(What you have to do):
Transcribe the records below exactly as written, from the opening line through the line that contains "kN * (#|Y|)%:R <= (#|Y'|)%:R".

==== Input for this task ====

Theorem theorem3p1 (N : nat) (X Y : finType) (E : X -> Y -> bool) :
  (1 <= N)%N ->
  vcmin_complexity_lt E N ->
  let kN : rat := 1 / (2 ^+ (N + 4)) in
  exists (X' : {set X}) (Y' : {set Y}),
    [/\ kN * (#|X|)%:R <= (#|X'|)%:R,
        kN * (#|Y|)%:R <= (#|Y'|)%:R
      & (forall x y, x \in X' -> y \in Y' -> E x y) \/
        (forall x y, x \in X' -> y \in Y' -> ~~ E x y)].
Proof.
move=> N_gt0 /vcmin_complexity_balls[Psi [S [dirPsi SPsi S_small S_det]]] kN.
have [d [N_le d_le]] := exists_log2_bound N_gt0.
have cutsY a : a \in [set: X] -> (#|cutset (S a) [set: Y]| < 2 ^ d)%N.
  move=> _; apply: leq_ltn_trans (leq_trans (S_small a) N_le).
  by apply/subset_leq_card/subsetP => B; rewrite inE => /andP[].
have [Z [A [_ _ Y_le X_le uncut]]] := uncut_subrectangle dirPsi SPsi cutsY.
have E_const a y y' : a \in A -> y \in Z -> y' \in Z -> E a y = E a y'.
  move=> aA yZ y'Z; apply: S_det => B BSa.
  exact: uncut_mem_eq (uncut a B aA BSa) yZ y'Z.
have [b A_half] := majority_half A (fun a => [exists y in Z, E a y]).
exists [set a in A | [exists y in Z, E a y] == b], Z; split.
- apply: scaled_card_le; rewrite -cardsT; apply: leq_trans X_le _.
  apply: leq_trans (leq_mul (leqnn _) A_half) _; rewrite mulnA -expnSr leq_mul2r.
  by rewrite leq_pexp2l ?orbT //; lia.
- apply: scaled_card_le; rewrite -cardsT; apply: leq_trans Y_le _.
  rewrite leq_mul2r (leq_trans (exp3_leq_exp2_double d)) ?orbT //.
  by rewrite leq_pexp2l //; lia.
case: b {A_half} => [|]; [left | right] => x y; rewrite inE => /andP[xA].
  by move=> /eqP/exists_inP[z zZ Exz] yZ; rewrite (E_const x y z xA yZ zZ).
by rewrite eqbF_neg => /exists_inPn Enone yZ; apply: Enone.
Qed.
(* Two polynomials not vanishing identically on the coordinate subspace have a
   common non-zero on the line through two witnesses. *)
Lemma irreducible_coord_subspace F : irreducible_closed (coord_subspace F).
Proof.
split; first exact: zclosed_coord_subspace.
split=> [|Z1 Z2 c1 c2 WU]; first by exists (fun=> 0).
apply: NNPP => /not_or_and[n1 n2].
have [a Wa /(zclosed_nonvanishing c1)[g1 [v1 g1a]]] : exists2 a, coord_subspace F a & ~ Z1 a.
  by apply: NNPP => H; apply: n1 => a Wa; apply: NNPP => nZa; apply: H; exists a.
have [b Wb /(zclosed_nonvanishing c2)[g2 [v2 g2b]]] : exists2 b, coord_subspace F b & ~ Z2 b.
  by apply: NNPP => H; apply: n2 => b Wb; apply: NNPP => nZb; apply: H; exists b.
have [q1 q1E] := meval_line g1 a b; have [q2 q2E] := meval_line g2 a b.
have q1n0 : q1 != 0.
  apply: contraNneq g1a => q0; move: (q1E 0); rewrite q0 horner0 => ->.
  by apply/eqP; apply: meval_eq => i; rewrite mul0r addr0.
have q2n0 : q2 != 0.
  apply: contraNneq g2b => q0; move: (q2E 1); rewrite q0 horner0 => ->.
  by apply/eqP; apply: meval_eq => i; rewrite mul1r addrC subrK.
have /closed_nonrootP[t] := mulf_neq0 q1n0 q2n0.
have Wt : coord_subspace F (fun i => a i + t * (b i - a i)).
  by move=> i iF; rewrite Wa // Wb // subrr mulr0 addr0.
rewrite rootE hornerM q1E q2E.
by case/WU: Wt => [/v1|/v2] ->; rewrite ?mul0r ?mulr0 eqxx.
Qed.

Lemma meval_zero f : f.@[fun=> 0] = f@_0.
Proof.
rewrite mevalE [in RHS](mpolyE f) raddf_sum /=; apply: eq_bigr => mo _.
rewrite mcoeffZ mcoeffX; congr (_ * _); case: (eqVneq mo 0%MM) => [->|mo0].
  by rewrite big1 // => i _; rewrite mnm0E expr0.
have [i moi] : exists i, mo i != 0%N.
  apply: NNPP => H; move/eqP: mo0; apply; apply/mnmP => i; rewrite mnm0E.
  by apply/eqP; apply: contra_notT H => moi; exists i.
by rewrite (bigD1 i) //= expr0n (negbTE moi) mul0r.
Qed.

(* [mslice f i j] is the coefficient of ['X_i ^+ j] when [f] is viewed as a
   polynomial in ['X_i] over the remaining variables. *)
Definition mslice f (i : 'I_m) (j : nat) : {mpoly k[m]} :=
  \sum_(mo <- msupp f | mo i == j) f@_mo *: 'X_[mo - U_(i) *+ j].

Lemma mslice_decomp f i : f = \sum_(j < msize f) mslice f i j * 'X_i ^+ j.
Proof.
rewrite {1}(mpolyE f) (eq_bigr (fun j : 'I_(msize f) =>
    \sum_(mo <- msupp f | mo i == j) f@_mo *: 'X_[mo])); last first.
  move=> j _; rewrite /mslice mulr_suml; apply: eq_bigr => mo /eqP moij.
  rewrite -scalerAl mpolyXn -mpolyXD submK //; apply/mnm_lepP => l.
  by rewrite mulmnE mnm1E; case: eqP => [<-|]; rewrite ?mul1n ?mul0n // moij.
rewrite (exchange_big_dep xpredT) //=; apply: eq_big_seq => mo mos.
have moi : (mo i < msize f)%N.
  apply: leq_trans (msize_mdeg_lt mos); rewrite ltnS mdegE.
  by rewrite (bigD1 i) //= leq_addr.
rewrite (big_pred1 (Ordinal moi)) // => j /=.
by rewrite eq_sym; apply/eqP/eqP => [E|->//]; apply: val_inj.
Qed.

Lemma meval_mslice f i j (a b : point k m) : (forall l, l != i -> a l = b l) ->
  (mslice f i j).@[a] = (mslice f i j).@[b].
Proof.
move=> ab; rewrite /mslice !rmorph_sum /=; apply: eq_bigr => mo /eqP moij.
rewrite !mevalZ !mevalX; congr (_ * _); apply: eq_bigr => l _.
case: (eqVneq l i) => [->|li]; last by rewrite ab.
by rewrite mnmBE mulmnE mnm1E eqxx mul1n moij subnn !expr0.
Qed.

Lemma mcoeff_mslice f i j (mu : 'X_{1..m}) : mu i = 0%N ->
  (mslice f i j)@_mu = f@_(mu + U_(i) *+ j)%MM.
Proof.
move=> mui; rewrite /mslice raddf_sum /= big_mkcond /=.
rewrite [in RHS](mpolyE f) raddf_sum /=; apply: eq_bigr => mo _.
rewrite mcoeffZ mcoeffX mcoeffZ mcoeffX.
case: eqP => [moij|moij]; last first.
  case: (eqVneq mo (mu + U_(i) *+ j)%MM) => [E|_]; last by rewrite mulr0.
  by case: moij; rewrite E mnmDE mulmnE mnm1E eqxx mui mul1n.
congr (_ * (nat_of_bool _)%:R); apply/idP/idP => /eqP E; apply/eqP.
  rewrite -E; apply/mnmP => l; rewrite mnmDE mnmBE mulmnE mnm1E.
  by case: eqP => [<-|]; rewrite ?mul1n ?mul0n ?subn0 ?addn0 // moij subnK.
by rewrite E addmK.
Qed.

====

(Solution to the problem):
Theorem theorem3p1 (N : nat) (X Y : finType) (E : X -> Y -> bool) :
  (1 <= N)%N ->
  vcmin_complexity_lt E N ->
  let kN : rat := 1 / (2 ^+ (N + 4)) in
  exists (X' : {set X}) (Y' : {set Y}),
    [/\ kN * (#|X|)%:R <= (#|X'|)%:R,
        kN * (#|Y|)%:R <= (#|Y'|)%:R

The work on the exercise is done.